*Supplied records*:
<<<<
Lemma gamma_sum_eq7 : gamma_qtR e + gamma_qtR (compl e) = 7 ->
  iso e (completeG 4) \/ iso e (emptyG 4) \/ iso e K4_minus_e \/ iso (compl e) K4_minus_e
  \/ inF1 e \/ inF1' e.
Proof.
move=> h7; have n3 := ltnW n4.
case: (boolP [exists u, dominating e u]) => [/existsP [u dom_u]|].
  have g4 : gamma_qtR (compl e) <= 4 by have := gamma_ge3 e_irr n3; lia.
  by case: (dominating_classify e_sym e_irr n4 dom_u g4) => h; do ?[by left | right].
rewrite negb_exists => /forallP nodom.
case: (boolP [exists u, dominating (compl e) u]) => [/existsP [u dom_u]|].
  have g4 : gamma_qtR (compl (compl e)) <= 4.
    by rewrite complK //; have := gamma_ge3 ce_irr n3; lia.
  case: (dominating_classify ce_sym ce_irr n4 dom_u g4) => h.
  - by right; left; apply: iso_compl_complete.
  - by do 3 right; left.
  - by do 5 right.
rewrite negb_exists => /forallP nodom_c.
by have := gamma_ge4 e_sym e_irr n4 nodom; have := gamma_ge4 ce_sym ce_irr n4 nodom_c; lia.
Qed.

Lemma gamma_sum_le7 :
  iso e (completeG 4) \/ iso e (emptyG 4) \/ iso e K4_minus_e \/ iso (compl e) K4_minus_e
  \/ inF1 e \/ inF1' e -> gamma_qtR e + gamma_qtR (compl e) <= 7.
Proof.
have order4 u : #|T| = 4 -> dominating e u \/ dominating (compl e) u ->
    gamma_qtR e + gamma_qtR (compl e) <= 7.
  by move=> n4e /gamma_sum_dominating_le; rewrite n4e.
case=> [h|[h|[h|[h|[h|h]]]]].
- have [u dom_u] := iso_dominating h completeG4_dominating.
  by apply: (order4 u (iso_card h)); left.
- have [u dom_u] := iso_dominating (iso_compl h) compl_emptyG4_dominating.
  by apply: (order4 u (iso_card h)); right.
- have [u dom_u] := iso_dominating h K4_minus_e_dominating.
  by apply: (order4 u (iso_card h)); left.
- have [u dom_u] := iso_dominating h K4_minus_e_dominating.
  by apply: (order4 u (iso_card h)); right.
- by have [] := inF1_gamma e_sym e_irr n4 h; lia.
- by have [] := inF1_gamma ce_sym ce_irr n4 h; rewrite complK //; lia.
Qed.

End Main.

Lemma gamma_sum_cycle5 (T : finType) (e : rel T) : symmetric e -> iso e (cycleG 5) ->
  gamma_qtR e + gamma_qtR (compl e) = #|T| + 5.
Proof.
move=> e_sym iso5; have n5 := iso_card iso5.
rewrite !gamma_maxdeg2 ?n5 //; first exact: compl_sym.
  exact: iso_deg_le (iso_compl iso5) compl_cycle5_deg_le2.
exact: iso_deg_le iso5 cycle5_deg_le2.
Qed.

Theorem mainTheorem10 (T : finType) (e : rel T)
  (e_sym : symmetric e) (e_irr : irreflexive e) (n4 : 4 <= #|T|) :
  let s := gamma_qtR e + gamma_qtR (compl e) in
  [/\ 7 <= s, s <= #|T| + 5,
      s = 7 <-> (iso e (completeG 4) \/ iso e (emptyG 4) \/ iso e K4_minus_e
                 \/ iso (compl e) K4_minus_e \/ inF1 e \/ inF1' e)
    & s = #|T| + 5 <-> iso e (cycleG 5)].
Proof.
have ge7 := gamma_sum_ge7 e_sym e_irr n4.
split=> //; first exact: gamma_sum_le.
  split; first exact: gamma_sum_eq7.
  by move/(gamma_sum_le7 e_sym e_irr n4) => le7; apply/eqP; rewrite eqn_leq le7.
by split; [exact: gamma_sum_max_cycle | exact: gamma_sum_cycle5].
Qed.
(* Let $n$ be prime, let $c: [n] \to [n]$ be given by $c(i) = i+1$ for $1 \le i < n$ and $c(n) = 1$, and let $w = w(1)\cdots w(n) \in \mathbb{P}^n$ be a nonconstant word. Then for $\pi \in \mathfrak{S}_n$, $\mathrm{cstd}(w) = \pi$ if and only if $w \in A(\pi, S)$ where $S = \mathrm{Des}(\pi c \pi^{-1})$.
   Context: $\mathbb{P} = \{1,2,\ldots\}$ and $\mathfrak{S}_n$ is the set of permutations of $[n]$. A word $w \in \mathbb{P}^n$ is identified with the coloring $i \mapsto w(i)$ of $[n]$. For $1 \le i \le n$ the rotation $r_i(w)$ is the word $w(i)w(i+1)\cdots w(n)w(1)\cdots w(i-1)$. When $n$ is prime and $w$ is nonconstant, the $n$ rotations are pairwise distinct, and the cyclic standardization $\mathrm{cstd}(w)$ is the unique $\pi \in \mathfrak{S}_n$ such that $r_x(w) <_{\mathrm{lex}} r_y(w)$ whenever $\pi(x) < \pi(y)$ (i.e. $\pi(i) = j$ when $r_i(w)$ is the $j$th smallest rotation in lexicographic order). For $\pi \in \mathfrak{S}_n$ and $S \subseteq [n-1]$, $A(\pi,S)$ is the set of words $w$ with $w(\pi^{-1}(1)) \le \cdots \le w(\pi^{-1}(n))$ and $w(\pi^{-1}(i)) < w(\pi^{-1}(i+1))$ for $i \in S$. $\mathrm{Des}(\sigma) = \{i \in [n-1]: \sigma(i) > \sigma(i+1)\}$. *)

From mathcomp Require Import ssreflect ssrfun ssrbool eqtype ssrnat seq choice fintype finfun bigop prime finset fingroup perm.

Set Implicit Arguments.
Unset Strict Implicit.
Unset Printing Implicit Defensive.

(* Conventions: the paper's [n] = {1,...,n} is represented by 'I_n = {0,...,n-1},
   via the shift k |-> k-1.  A word w in P^n is a function w : 'I_n -> nat with
   all values positive. *)

Fixpoint lexlt (s t : seq nat) : bool :=
  match s, t with
  | [::], [::] => false
  | [::], _ :: _ => true
  | _ :: _, [::] => false
  | x :: s', y :: t' => (x < y) || ((x == y) && lexlt s' t')
  end.

Definition word_seq (n : nat) (w : 'I_n -> nat) : seq nat :=
  [seq w j | j <- enum 'I_n].

(* r_i(w) = w(i) ... w(n) w(1) ... w(i-1); index i : 'I_n is the paper's i+1 *)
Definition rotation (n : nat) (w : 'I_n -> nat) (i : 'I_n) : seq nat :=
  rot i (word_seq w).

Definition is_cstd (n : nat) (w : 'I_n -> nat) (pi : 'S_n) : bool :=
  [forall x : 'I_n, forall y : 'I_n,
     (pi x < pi y) ==> lexlt (rotation w x) (rotation w y)].

(* cstd(w): the unique permutation with that property (1 if none exists,
   which cannot happen for n prime and w nonconstant) *)
Definition cstd (n : nat) (w : 'I_n -> nat) : 'S_n :=
  odflt 1%g [pick pi : 'S_n | is_cstd w pi].

Definition cyc (n : nat) : 'S_n := perm (@ordS_inj n).

(* Des(sigma) = {i in [n-1] : sigma(i) > sigma(i+1)}, as a predicate on
   (0-based) positions i with i+1 < n *)
Definition Des (n : nat) (sigma : 'S_n) (i : 'I_n) : Prop :=
  exists j : 'I_n, val j = (val i).+1 /\ sigma j < sigma i.

Definition inA (n : nat) (pi : 'S_n) (S : 'I_n -> Prop) (w : 'I_n -> nat) : Prop :=
  forall i j : 'I_n, val j = (val i).+1 ->
    w ((pi^-1)%g i) <= w ((pi^-1)%g j) /\
    (S i -> w ((pi^-1)%g i) < w ((pi^-1)%g j)).

From mathcomp Require Import ssreflect ssrfun ssrbool eqtype ssrnat seq choice fintype finfun bigop prime finset fingroup perm div.

Set Implicit Arguments.
Unset Strict Implicit.
Unset Printing Implicit Defensive.

(* For n prime the rotations of a nonconstant word are pairwise distinct: if
   r_x(w) = r_y(w) with x <> y, then w is invariant under the shift by d = y - x,
   hence (d being a unit mod n) under the shift by 1, so w is constant.  Thus
   cstd(w) = pi means exactly that pi ranks the rotations lexicographically.
   Since r_{c(x)}(w) is r_x(w) with its first letter moved to the end, comparing
   r_x(w) with r_y(w) amounts to comparing w(x) with w(y) and then r_{c(x)}(w)
   with r_{c(y)}(w); with sigma = pi c pi^-1 this gives w in A(pi, Des sigma).
   Conversely, if w is in A(pi, Des sigma), the pairs (w(pi^-1 k), sigma(k))
   increase lexicographically in k, and induction on the length of the prefixes
   compared shows that k < l implies r_{pi^-1 k}(w) <=lex r_{pi^-1 l}(w). *)

Lemma lexlt_irr s : lexlt s s = false.
Proof. by elim: s => //= a s ->; rewrite ltnn eqxx. Qed.

Lemma lexlt_trans s t u : lexlt s t -> lexlt t u -> lexlt s u.
Proof.
elim: s t u => [|a s IH] [|b t] [|c u] //=.
case/orP=> [ab|/andP[/eqP-> st]]; case/orP=> [bc|/andP[/eqP<- tu]].
- by rewrite (ltn_trans ab bc).
- by rewrite ab.
- by rewrite bc.
- by rewrite eqxx (IH _ _ st tu) orbT.
Qed.

Lemma lexlt_asym s t : lexlt s t -> lexlt t s = false.
Proof. by move=> st; apply/negP=> /(lexlt_trans st); rewrite lexlt_irr. Qed.

Lemma lexlt_total s t : size s = size t -> s != t -> lexlt s t || lexlt t s.
Proof.
elim: s t => [|a s IH] [|b t] //= [] /IH {}IH.
by rewrite eqseq_cons negb_and; case: (ltngtP a b) => //= ->.
Qed.

Lemma lexlt_rcons s t a b :
  size s = size t -> lexlt s t -> lexlt (rcons s a) (rcons t b).
Proof.
elim: s t => [|x s IH] [|y t] //= [] /IH {}IH.
by case/orP=> [->//|/andP[-> /IH->]]; rewrite orbT.
Qed.

Definition lexle s t := lexlt s t || (s == t).

Lemma lexle_cons a b s t :
  a <= b -> (a = b -> lexle s t) -> lexle (a :: s) (b :: t).
Proof.
rewrite leq_eqVlt => /orP[/eqP ab|ab] st; last by rewrite /lexle /= ab.
by move: (st ab); rewrite /lexle /= ab eqxx ltnn eqseq_cons eqxx.
Qed.

Definition lex_pair_le (p q : nat * nat) := p.1 <= q.1 /\ (p.1 = q.1 -> p.2 <= q.2).

Lemma homo_lex_pair n (f : 'I_n -> nat * nat) :
  (forall i j : 'I_n, val j = (val i).+1 -> lex_pair_le (f i) (f j)) ->
  {homo f : i j / i <= j >-> lex_pair_le i j}.
Proof.
case: n f => [f _ []//|n f step i j].
have le_refl p : lex_pair_le p p by [].
have le_trans q p r : lex_pair_le p q -> lex_pair_le q r -> lex_pair_le p r.
  move=> [pq1 pq2] [qr1 qr2]; split; first exact: leq_trans qr1.
  move=> pr; have pq : p.1 = q.1 by apply/eqP; rewrite eqn_leq pq1 pr qr1.
  by apply: leq_trans (pq2 pq) (qr2 _); rewrite -pq.
have mono := @homo_leq_in _ [pred k | k < n.+1] (fun k => f (inord k)) _
  le_refl le_trans.
rewrite -[f i](congr1 f (inord_val i)) -[f j](congr1 f (inord_val j)).
apply: mono => //=.
- by move=> a b _ bn k /andP[_ /ltn_trans]; apply.
- by move=> k _ kn; apply: step; rewrite /= !inordK // ltnW.
- exact: ltn_ord.
- exact: ltn_ord.
Qed.

Section Rotations.

Variables (n : nat) (w : 'I_n -> nat).
Local Notation c := (cyc n).
Local Notation r := (rotation w).

Lemma val_cycX t x : val ((c ^+ t)%g x) = (x + t) %% n.
Proof.
elim: t => [|t IH]; first by rewrite expg0 perm1 addn0 modn_small.
by rewrite expgSr permM /cyc permE /= IH -addn1 modnDml addn1 addnS.
Qed.

Lemma cycX_transitive x y : exists t, (c ^+ t)%g x = y.
Proof.
exists (y + (n - x)); apply: val_inj.
by rewrite val_cycX addnCA subnKC ?modnDr ?modn_small // ltnW.
Qed.

Lemma cycXC s t x : (c ^+ s)%g ((c ^+ t)%g x) = (c ^+ t)%g ((c ^+ s)%g x).
Proof. by rewrite -!permM -!expgD addnC. Qed.

Lemma size_word_seq : size (word_seq w) = n.
Proof. by rewrite size_map size_enum_ord. Qed.

Lemma size_rotation x : size (r x) = n.
Proof. by rewrite size_rot size_word_seq. Qed.

Lemma rotation_head x : r x = w x :: behead (r x).
Proof.
rewrite /rotation /rot (drop_nth (w x)) ?size_word_seq //=.
by rewrite (nth_map x) ?size_enum_ord // nth_ord_enum.
Qed.

Lemma rotation_cyc x : r (c x) = rcons (behead (r x)) (w x).
Proof.
suff -> : r (c x) = rot 1 (r x) by rewrite {1}rotation_head rot1_cons.
rewrite /cyc permE /rotation -rotD /=; last by rewrite size_word_seq.
have := ltn_ord x; rewrite add1n leq_eqVlt => /orP[/eqP e|lt].
- by rewrite e modnn rot0 rot_oversize ?size_word_seq.
- by rewrite modn_small.
Qed.

Lemma take_rotation_cyc m x : m < n -> take m.+1 (r x) = w x :: take m (r (c x)).
Proof.
move=> mn; rewrite {1}rotation_head /= rotation_cyc -cats1 takel_cat //.
by rewrite size_behead size_rotation -ltnS (ltn_predK mn).
Qed.

Lemma rotation_eq_cycX x y t : r x = r y -> r ((c ^+ t)%g x) = r ((c ^+ t)%g y).
Proof.
move=> rxy; elim: t => [|t IH]; first by rewrite expg0 !perm1.
rewrite expgSr !permM !rotation_cyc IH.
by move: IH; rewrite rotation_head [in RHS]rotation_head => -[->].
Qed.

Lemma cycX_invariant_mul d :
  (forall z, w ((c ^+ d)%g z) = w z) -> forall k z, w ((c ^+ (k * d))%g z) = w z.
Proof.
move=> wd; elim=> [|k IH] z; first by rewrite mul0n expg0 perm1.
by rewrite mulSn expgD permM IH wd.
Qed.

Lemma cyc_invariant_coprime d :
  coprime d n -> (forall z, w ((c ^+ d)%g z) = w z) -> forall z, w (c z) = w z.
Proof.
move=> dn wd z; have [a _] := Bezoutr d (leq_ltn_trans (leq0n z) (ltn_ord z)).
rewrite (eqP dn) => n_dvd.
(* [n %| 1 + a * d], so [c ^+ (a * d)] is the inverse of [c]. *)
have cycX_id : (c ^+ (a * d).+1)%g z = z.
  apply: val_inj; rewrite val_cycX -modnDmr -add1n (eqP n_dvd) addn0 modn_small //.
by rewrite -(cycX_invariant_mul wd a) -permM -expgS cycX_id.
Qed.

Lemma cyc_invariant_const : (forall z, w (c z) = w z) -> forall x y, w x = w y.
Proof.
move=> wc x y; have [t <-] := cycX_transitive x y.
by rewrite -[t]muln1 cycX_invariant_mul // => z; rewrite expg1.
Qed.

Lemma rotation_inj : prime n -> (exists i j, w i != w j) -> injective r.
Proof.
move=> n_prime [i [j wij]] x y rxy; have [d dxy] := cycX_transitive x y.
have wd z : w ((c ^+ d)%g z) = w z.
  have [t <-] := cycX_transitive x z; rewrite cycXC dxy.
  have := rotation_eq_cycX t rxy.
  by rewrite rotation_head [in RHS]rotation_head => -[->].
apply/eqP; apply: contraTT wij => xy; apply/negPn/eqP.
apply: cyc_invariant_const (cyc_invariant_coprime _ wd) i j.
rewrite coprime_sym prime_coprime //; apply: contra xy => n_dvd_d.
rewrite -dxy; apply/eqP/val_inj.
by rewrite val_cycX -modnDmr (eqP n_dvd_d) addn0 modn_small.
Qed.

End Rotations.

Lemma card_ord_lt n a : a <= n -> #|[set k : 'I_n | k < a]| = a.
Proof.
move=> an; have widen_inj : injective (widen_ord an) by move=> u v [] /val_inj.
rewrite -[RHS](card_ord a) -(card_imset _ widen_inj).
congr #|pred_of_set _|; apply/setP => k; rewrite inE.
apply/idP/imsetP => [ka|[[j ja] _ ->] //].
by exists (Ordinal ka); last apply: val_inj.
Qed.

Section CyclicStandardization.

Variables (n : nat) (w : 'I_n -> nat).
Local Notation r := (rotation w).

Lemma is_cstd_ltE p : is_cstd w p -> forall x y, lexlt (r x) (r y) = (p x < p y).
Proof.
move=> /forallP p_cstd x y.
have lt_lexlt u v : p u < p v -> lexlt (r u) (r v).
  by move=> uv; have /forallP/(_ v)/implyP := p_cstd u; apply.
case: ltngtP => [xy|yx|/val_inj/perm_inj ->]; first exact: lt_lexlt.
- exact/lexlt_asym/lt_lexlt.
- exact: lexlt_irr.
Qed.

Definition lex_rank x := #|[set y | lexlt (r y) (r x)]|.

Lemma is_cstd_rank p x : is_cstd w p -> val (p x) = lex_rank x.
Proof.
move=> p_cstd; rewrite /lex_rank.
have -> : [set y | lexlt (r y) (r x)] = p @^-1: [set k : 'I_n | k < p x].
  by apply/setP => y; rewrite !inE (is_cstd_ltE p_cstd).
by rewrite card_preimset ?card_ord_lt 1?ltnW //; apply: perm_inj.
Qed.

Lemma is_cstd_uniq p q : is_cstd w p -> is_cstd w q -> p = q.
Proof. by move=> Hp Hq; apply/permP => x; apply: val_inj; rewrite !is_cstd_rank. Qed.

Lemma lex_rank_lt x y : lexlt (r y) (r x) -> lex_rank y < lex_rank x.
Proof.
move=> yx; apply/proper_card/properP; split.
  by apply/subsetP => z; rewrite !inE => /lexlt_trans; apply.
by exists y; rewrite !inE ?yx ?lexlt_irr.
Qed.

Lemma lex_rank_ltn x : lex_rank x < n.
Proof.
rewrite -[n]card_ord -cardsT; apply/proper_card/properP; split.
  exact: subsetT.
by exists x; rewrite !inE ?lexlt_irr.
Qed.

Hypothesis r_inj : injective r.

Lemma lexlt_rotation_total x y : x != y -> lexlt (r x) (r y) || lexlt (r y) (r x).
Proof.
move=> xy; apply: lexlt_total; first by rewrite !size_rotation.
by apply: contra xy => /eqP /r_inj ->.
Qed.

Lemma lex_rank_inj : injective (fun x => Ordinal (lex_rank_ltn x)).
Proof.
move=> x y [] rank_xy; apply/eqP; apply: contraT => /lexlt_rotation_total.
by case/orP => /lex_rank_lt; rewrite rank_xy ltnn.
Qed.

Lemma is_cstd_exists : exists p, is_cstd w p.
Proof.
exists (perm lex_rank_inj); apply/forallP => x; apply/forallP => y; apply/implyP.
rewrite !permE /= => lt_xy.
have /lexlt_rotation_total : x != y by apply: contraTneq lt_xy => ->; rewrite ltnn.
by case/orP => // /lex_rank_lt; rewrite ltnNge (ltnW lt_xy).
Qed.

Lemma cstdE p : cstd w = p <-> is_cstd w p.
Proof.
rewrite /cstd; case: pickP => [q q_cstd|no_cstd].
  by split=> [<- //|]; apply: is_cstd_uniq.
by have [q] := is_cstd_exists; rewrite no_cstd.
Qed.

End CyclicStandardization.

Section Descents.

Variables (n : nat) (w : 'I_n -> nat) (pi : 'S_n).
Local Notation c := (cyc n).
Local Notation r := (rotation w).
Local Notation sigma := (pi^-1 * c * pi)%g.

Lemma conj_cycE k : sigma k = pi (c ((pi^-1)%g k)).
Proof. by rewrite !permM. Qed.

Lemma conj_cycK k : (pi^-1)%g (sigma k) = c ((pi^-1)%g k).
Proof. by rewrite conj_cycE permK. Qed.

Lemma is_cstd_inA : is_cstd w pi -> inA pi (Des sigma) w.
Proof.
move=> pi_cstd i j ij; set a := (pi^-1)%g i; set b := (pi^-1)%g j.
have : lexlt (r a) (r b) by rewrite (is_cstd_ltE pi_cstd) !permKV ij.
rewrite (rotation_head w a) (rotation_head w b) /= => heads.
split; first by case/orP: heads => [/ltnW | /andP[/eqP-> _]].
case=> j' [j'i]; have -> : j' = j by apply: val_inj; rewrite j'i ij.
rewrite !conj_cycE -/a -/b -(is_cstd_ltE pi_cstd) !rotation_cyc.
case/orP: heads => [-> // | /andP[/eqP wab tails]].
have size_tails : size (behead (r a)) = size (behead (r b)).
  by rewrite !size_behead !size_rotation.
by rewrite wab lexlt_asym // lexlt_rcons.
Qed.

Hypothesis pi_inA : inA pi (Des sigma) w.

Lemma inA_lex_pair_step i j : val j = (val i).+1 ->
  lex_pair_le (w ((pi^-1)%g i), val (sigma i)) (w ((pi^-1)%g j), val (sigma j)).
Proof.
move=> ij; have [le_ij lt_des] := pi_inA ij.
split=> //= eq_ij; rewrite leqNgt; apply/negP => des.
by have := lt_des (ex_intro _ j (conj ij des)); rewrite eq_ij ltnn.
Qed.

Lemma inA_lexle_take m : m <= n -> forall i j : 'I_n, i <= j ->
  lexle (take m (r ((pi^-1)%g i))) (take m (r ((pi^-1)%g j))).
Proof.
have mono := homo_lex_pair inA_lex_pair_step.
elim: m => [|m IH] mn i j ij; first by rewrite !take0 /lexle eqxx orbT.
have [le_w eq_sigma] := mono i j ij.
rewrite !take_rotation_cyc //; apply: lexle_cons => // /eq_sigma sigma_ij.
by rewrite -!conj_cycK; apply: IH (ltnW mn) _ _ sigma_ij.
Qed.

Lemma inA_is_cstd : injective r -> is_cstd w pi.
Proof.
move=> r_inj; apply/forallP => x; apply/forallP => y; apply/implyP => lt_xy.
have := inA_lexle_take (leqnn n) (ltnW lt_xy).
rewrite !take_oversize ?size_rotation // !permK.
by case/orP => // /eqP /r_inj xy; move: lt_xy; rewrite xy ltnn.
Qed.

End Descents.

Theorem lemma2p2 (n : nat) (w : 'I_n -> nat) (pi : 'S_n) :
  prime n ->
  (forall i, 0 < w i) ->
  (exists i j, w i != w j) ->
  cstd w = pi <->
  inA pi (Des (pi^-1 * cyc n * pi)%g) w.
Proof.
move=> n_prime _ nonconstant.
have r_inj := rotation_inj n_prime nonconstant.
apply: iff_trans (cstdE r_inj pi) _.
by split=> [/is_cstd_inA | /inA_is_cstd]; apply.
Qed.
>>>>
*What is being asked*: All that is wanted is a faithful reproduction of the line above with "rot i (word_seq w).", the line with "which cannot happen", and every line in between.

*Written solution*:
  rot i (word_seq w).

Definition is_cstd (n : nat) (w : 'I_n -> nat) (pi : 'S_n) : bool :=
  [forall x : 'I_n, forall y : 'I_n,
     (pi x < pi y) ==> lexlt (rotation w x) (rotation w y)].

(* cstd(w): the unique permutation with that property (1 if none exists,
   which cannot happen for n prime and w nonconstant) *)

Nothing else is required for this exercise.